WORK TO COMPLETE:
Transcribe exactly the lines that begin the material and continue through the line containing "apply pc_on_plus_seg. 2: apply". Leave out whatever follows.

++++++++++++++++++++

Lemma exp_coord_lin_sol T : 0 <= T -> lin_sol q1 q2 mu T exp_coord1 exp_coord2.
Proof.
  intros HT.
  destruct (pc_on_common_list q1 q2 q1_pc q2_pc 0 T) as [l [P1 P2]].
  assert (Pz : pc_on l 0 T (fun s => (q1 s - q2 s) + - (2 * mu) * sinh (z s))).
  { apply pc_on_ext with (fun s => - (2 * mu) * sinh (z s) + (q1 s + -1 * q2 s)). 2: intros; ring.
    apply pc_on_plus_seg. 2: apply pc_on_plus, pc_on_mult_seg; auto; apply seg_continuous_const.
    apply seg_continuous_scal. apply seg_continuous_of_continuous; auto.
    intros; apply continuous_comp; auto; apply continuous_sinh. }
  assert (D : forall s, 0 < s < T -> ~ In s l ->
    is_derive exp_coord1 s (q1 s * exp_coord1 s + mu * (exp_coord2 s - exp_coord1 s)) /\
    is_derive exp_coord2 s (q2 s * exp_coord2 s + mu * (exp_coord1 s - exp_coord2 s))).
  { intros s Hs Hn. apply exp_coord_is_derive.
    - apply (is_derive_of_is_RInt_pc l 0 T growth_rate); auto.
      intros; apply is_RInt_log_product. apply pc_on_growth_rate; auto.
    - apply (is_derive_of_is_RInt_pc l 0 T (fun s => (q1 s - q2 s) + - (2 * mu) * sinh (z s)) z s);
        auto. intros; apply z_sol; lra. }
  assert (Cu : seg_continuous 0 T log_product)
    by (apply seg_continuous_of_is_RInt with growth_rate; auto; intros; apply is_RInt_log_product).
  assert (Cz : seg_continuous 0 T z) by (apply seg_continuous_of_continuous; auto).
  assert (C1 : seg_continuous 0 T exp_coord1).
  { apply (seg_continuous_comp 0 T (fun t => (log_product t + z t) / 2) exp).
    2: apply continuous_exp. apply seg_continuous_ext with (fun t => / 2 * (log_product t + z t)).
    2: intros; unfold Rdiv; ring. apply seg_continuous_scal, seg_continuous_plus; auto. }
  assert (C2 : seg_continuous 0 T exp_coord2).
  { apply (seg_continuous_comp 0 T (fun t => (log_product t - z t) / 2) exp).
    2: apply continuous_exp. apply seg_continuous_ext with (fun t => / 2 * (log_product t - z t)).
    2: intros; unfold Rdiv; ring. apply seg_continuous_scal, seg_continuous_minus; auto. }
  intros s Hs. split.
  - apply (is_RInt_derive_pc l 0 s); try lra.
    + apply seg_continuous_sub with 0 T; auto; lra.
    + apply pc_on_weaken with l 0 T; try lra. apply pc_on_lin_field; auto. intros ? ?; auto.
    + intros t Ht Hn. apply D; auto; lra.
  - apply (is_RInt_derive_pc l 0 s); try lra.
    + apply seg_continuous_sub with 0 T; auto; lra.
    + apply pc_on_weaken with l 0 T; try lra. apply pc_on_lin_field; auto. intros ? ?; auto.
    + intros t Ht Hn. apply D; auto; lra.
Qed.

End ExpCoordinates.
Lemma cont2_at_continuous2 f x y : continuous2 f x y -> cont2_at f x y.
Proof.
  intros H eps Heps.
  destruct (H _ (locally_ball (f x y) (mkposreal eps Heps))) as [d Hd].
  exists d. split; [apply cond_pos|]. intros x' y' Hxy. pose proof (cond_pos d).
  pose proof (Rle_0_sqr (x' - x)). pose proof (Rle_0_sqr (y' - y)).
  assert (Hx : Rabs (x' - x) < Rabs d) by (apply Rsqr_lt_abs_0; unfold Rsqr in *; lra).
  assert (Hy : Rabs (y' - y) < Rabs d) by (apply Rsqr_lt_abs_0; unfold Rsqr in *; lra).
  rewrite (Rabs_pos_eq d) in Hx, Hy by lra. exact (Hd (x', y') (conj Hx Hy)).
Qed.

Lemma continuous2_const c x y : continuous2 (fun _ _ => c) x y.
Proof. apply continuous_const. Qed.
Lemma continuous2_fst x y : continuous2 (fun a _ => a) x y.
Proof. apply continuous_fst. Qed.
Lemma continuous2_snd x y : continuous2 (fun _ b => b) x y.
Proof. apply continuous_snd. Qed.
Lemma continuous2_plus f g x y :
  continuous2 f x y -> continuous2 g x y -> continuous2 (fun a b => f a b + g a b) x y.
Proof. intros Hf Hg. exact (continuous_plus _ _ _ Hf Hg). Qed.
Lemma continuous2_mult f g x y :
  continuous2 f x y -> continuous2 g x y -> continuous2 (fun a b => f a b * g a b) x y.
Proof. intros Hf Hg. exact (continuous_mult _ _ _ Hf Hg). Qed.
Lemma continuous2_opp f x y : continuous2 f x y -> continuous2 (fun a b => - f a b) x y.
Proof. intros Hf. exact (continuous_opp _ _ Hf). Qed.
Lemma continuous2_minus f g x y :
  continuous2 f x y -> continuous2 g x y -> continuous2 (fun a b => f a b - g a b) x y.
Proof. intros. apply (continuous2_plus f (fun a b => - g a b)); [|apply continuous2_opp]; easy. Qed.
Lemma continuous2_div f g x y : continuous2 f x y -> continuous2 g x y -> g x y <> 0 ->
  continuous2 (fun a b => f a b / g a b) x y.
Proof.
  intros Hf Hg Hne. apply (continuous2_mult f (fun a b => / g a b)); [easy|].
  apply (continuous_comp (fun z : R * R => g (fst z) (snd z)) Rinv); [easy|].
  apply continuous_Rinv. exact Hne.
Qed.

Ltac continuous2_tac := repeat match goal with
  | |- continuous2 (fun a b => ?u + ?v) _ _ =>
      apply (continuous2_plus (fun a b => u) (fun a b => v))
  | |- continuous2 (fun a b => ?u - ?v) _ _ =>
      apply (continuous2_minus (fun a b => u) (fun a b => v))
  | |- continuous2 (fun a b => ?u * ?v) _ _ =>
      apply (continuous2_mult (fun a b => u) (fun a b => v))
  | |- continuous2 (fun a b => ?u / ?v) _ _ =>
      apply (continuous2_div (fun a b => u) (fun a b => v))
  | |- continuous2 (fun a b => - ?u) _ _ => apply (continuous2_opp (fun a b => u))
  | |- continuous2 (fun a b => a) _ _ => apply continuous2_fst
  | |- continuous2 (fun a b => b) _ _ => apply continuous2_snd
  | |- continuous2 (fun a b => _) _ _ => apply continuous2_const
  end.

Lemma continuous2_quarter_dxx a1 a2 x y :
  0 < quarter_den a1 a2 x y -> continuous2 (quarter_dxx a1 a2) x y.
Proof.
  intros H. destruct (quarter_sqdist_pos _ _ _ _ H) as [Da Db]. pose proof PI_neq0.
  unfold quarter_dxx, arg_dxx, sqdist in *. continuous2_tac; nra.
Qed.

++++++++++++++++++++

OUTPUT OF THE EXERCISE:
Lemma exp_coord_lin_sol T : 0 <= T -> lin_sol q1 q2 mu T exp_coord1 exp_coord2.
Proof.
  intros HT.
  destruct (pc_on_common_list q1 q2 q1_pc q2_pc 0 T) as [l [P1 P2]].
  assert (Pz : pc_on l 0 T (fun s => (q1 s - q2 s) + - (2 * mu) * sinh (z s))).
  { apply pc_on_ext with (fun s => - (2 * mu) * sinh (z s) + (q1 s + -1 * q2 s)). 2: intros; ring.
    apply pc_on_plus_seg. 2: apply pc_on_plus, pc_on_mult_seg; auto; apply seg_continuous_const.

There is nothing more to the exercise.